# How do I band/braid a mane/tail?



## Palomino Brigade (Mar 20, 2011)

I have been throwing the idea of actually showing this year (If Ray behaves well enough) and I would like to try braiding his mane or tail to make him kind of 'stand out'. He's a 14.3? hh palomino, and whenever we go to an arena to run him, he gets picked on for being so small and is often overlooked. (I also just like the look of plaited tails and manes like shown below and think it would make him sweat less.) Would this help the major cowlick he has? It flipps half of his mane on one side of his neck and the other half on the other. I've been working with it for the past year, but it isn't going anywhere. I can't really ask anyone around here, and a lot of the stuff i've found on the internet is looking for some type of braiding tool I don't have.

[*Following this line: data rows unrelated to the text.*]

(* Let $A$ be a symmetric general metric space and let $\bar A$ be its Cauchy completion: the general metric space whose points are the closed (equivalently, minimal) Cauchy filters on $A$, with $\bar A(\varphi,\psi)=\lim^-_{y\in\psi}\lim^+_{x\in\varphi}A(x,y)$. Then the $\mathcal P_1$-completion of $A$, i.e. the general metric space whose points are the closed weakly flat filters on $A$ with distance $d(\mathcal F_1,\mathcal F_2)=\lim^+_{x\in\mathcal F_1}\lim^-_{y\in\mathcal F_2}A(x,y)$, is isomorphic to the general metric space whose points are the nonempty closed subsets of $\bar A$ (for the topology of the symmetric pseudometric $\bar A$) with distance $d(X,Y)=\sup_{\varphi\in X}\inf_{\psi\in Y}\bar A(\varphi,\psi)$; the isomorphism sends a closed weakly flat filter $\mathcal F$ to the set of closed Cauchy filters containing $\mathcal F$.
   Context: A general metric space $A$ is a set with $A(-,-):A\times A\to[0,\infty]$, $A(x,x)=0$, $A(x,z)\le A(x,y)+A(y,z)$; symmetric means $A(x,y)=A(y,x)$. A filter on $A$ is a nonempty set of nonempty subsets closed under finite intersections and supersets; $\lim^+_{\mathcal F}t=\inf_{f\in\mathcal F}\sup_{x\in f}t(x)$, $\lim^-_{\mathcal F}t=\sup_{f\in\mathcal F}\inf_{x\in f}t(x)$ ($\inf\emptyset=\infty$, $\sup\emptyset=0$); $M^-(\mathcal F)(x)=\lim^-_{y\in\mathcal F}A(x,y)$. Cauchy: $\inf_f\sup_{x,y\in f}A(x,y)=0$. Weakly flat: $\lim^+_{\mathcal F}M^-(\mathcal F)=0$. A weakly flat filter $\mathcal F$ is closed iff for every $f\in\mathcal F$ there is $\epsilon>0$ with $\{x:M^-(\mathcal F)(x)\le\epsilon\}\subseteq f$. Two general metric spaces are isomorphic if there is a bijection preserving distances. *)

From mathcomp Require Import all_boot all_order all_algebra.
From mathcomp Require Import all_classical all_reals all_analysis.
Set Implicit Arguments. Unset Strict Implicit. Unset Printing Implicit Defensive.
Import Order.TTheory GRing.Theory Num.Theory.
Local Open Scope classical_set_scope.
Local Open Scope ring_scope.
Local Open Scope ereal_scope.

Section GMS.
Variables (R : realType) (A : Type).

Definition gfilter (F : set (set A)) : Prop :=
  [/\ F !=set0, (forall f, F f -> f !=set0),
      (forall f g, F f -> F g -> F (f `&` g)) &
      (forall f g, F f -> f `<=` g -> F g)].

Definition limp (F : set (set A)) (t : A -> \bar R) : \bar R :=
  ereal_inf [set ereal_sup (t @` f) | f in F].
Definition limm (F : set (set A)) (t : A -> \bar R) : \bar R :=
  ereal_sup [set ereal_inf (t @` f) | f in F].

Variable d : A -> A -> \bar R.

Definition Mminus (F : set (set A)) (x : A) : \bar R := limm F (fun y => d x y).

Definition cauchy (F : set (set A)) : Prop :=
  ereal_inf [set ereal_sup [set d p.1 p.2 | p in f `*` f] | f in F] = 0.

Definition weakly_flat (F : set (set A)) : Prop := limp F (Mminus F) = 0.

Definition closed_filter (F : set (set A)) : Prop :=
  forall f, F f -> exists2 e : R, (0 < e)%R & [set x | Mminus F x <= e%:E] `<=` f.

Definition CF := {phi : set (set A) | [/\ gfilter phi, cauchy phi & closed_filter phi]}.

Definition dbar (phi psi : CF) : \bar R :=
  limm (sval psi) (fun y => limp (sval phi) (fun x => d x y)).

Definition P1pt := {F : set (set A) | [/\ gfilter F, weakly_flat F & closed_filter F]}.

Definition dP1 (F G : P1pt) : \bar R :=
  limp (sval F) (fun x => limm (sval G) (fun y => d x y)).

Definition dbar_closed (X : set CF) : Prop :=
  forall phi : CF,
    (forall e : R, (0 < e)%R -> exists2 psi, X psi & dbar phi psi < e%:E) -> X phi.

Definition ClSet := {X : set CF | X !=set0 /\ dbar_closed X}.

Definition dCl (X Y : ClSet) : \bar R :=
  ereal_sup [set ereal_inf [set dbar phi psi | psi in sval Y] | phi in sval X].

End GMS.

From Pilot Require Import Defs.
From mathcomp Require Import all_boot all_order all_algebra.
From mathcomp Require Import all_classical all_reals all_analysis.
From mathcomp Require Import lra.
Set Implicit Arguments. Unset Strict Implicit. Unset Printing Implicit Defensive.
Import Order.TTheory GRing.Theory Num.Theory.
Local Open Scope classical_set_scope.
Local Open Scope ring_scope.
Local Open Scope ereal_scope.

(* A closed weakly flat filter [F] is determined by its distance function
   [M F = M^-(F)]: these functions are exactly the potentials (nonnegative
   1-Lipschitz functions [m] such that every [x] lies within [m x + e] of a
   point where [m <= e]), [F] is the filter of sublevel sets of [M F], and
   inclusion of filters is pointwise comparison of potentials.  Cauchy filters
   correspond to the potentials that moreover satisfy [d x y <= m x + m y].
   The key step is that every potential is the pointwise infimum of the Cauchy
   potentials above it: following a chain of points where [m] is almost zero,
   starting close to [x], yields a Cauchy sequence whose potential dominates
   [m] and exceeds [m x] by at most [e].  Hence [F] is the sublevel filter of
   the infimum over its Cauchy refinements, a closed set [X] of Cauchy filters
   is the set of refinements of the sublevel filter of the infimum over [X],
   and the same approximation computes the excess distance. *)

Section ErealImage.
Variables (R : realType) (T : Type).
Implicit Types (f : set T) (t : T -> \bar R) (a c : \bar R).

If you can tell me in an incredibly simple way, I'd appreciate it and start practicing.


----------



## KawaiiCharlie (Nov 17, 2010)

the tail one is basically the same as french plaiting a persons hair. theres videos on youtube that show you how to do it, its pretty easy  
& i have no idea how to do the mane like that, but im sure there will be a youtube video on it. theres other mane plaits you can look up too.


----------



## equiniphile (Aug 16, 2009)

If you're showing in hunters, yes, those are the braids you'll want to use. Look up videos on YouTube, they've helped me a lot. I don't pull my tails, but some people trim them at the bottom so they look even. As for the manes, I usually pull them to four inches or so by laying all the mane to the right side, wetting it, and pulling the longer hairs out by pulling down. Look on youtube, much easier watching than reading!


----------



## justjump (Jan 18, 2011)

When I braid, I cut the mane as I go because all my crossovers are the same length. I use water over quic braid because I think water is more efficient. I don't braid tails yet, but there are countless videos on how to braid manes and tails!
_Posted via Mobile Device_


----------



## caprita21 (Mar 21, 2011)

i learned plating simply by french plating peoples hair and once you know how to do that, plating your horses main or tail is much easier, but that is just my opinion


----------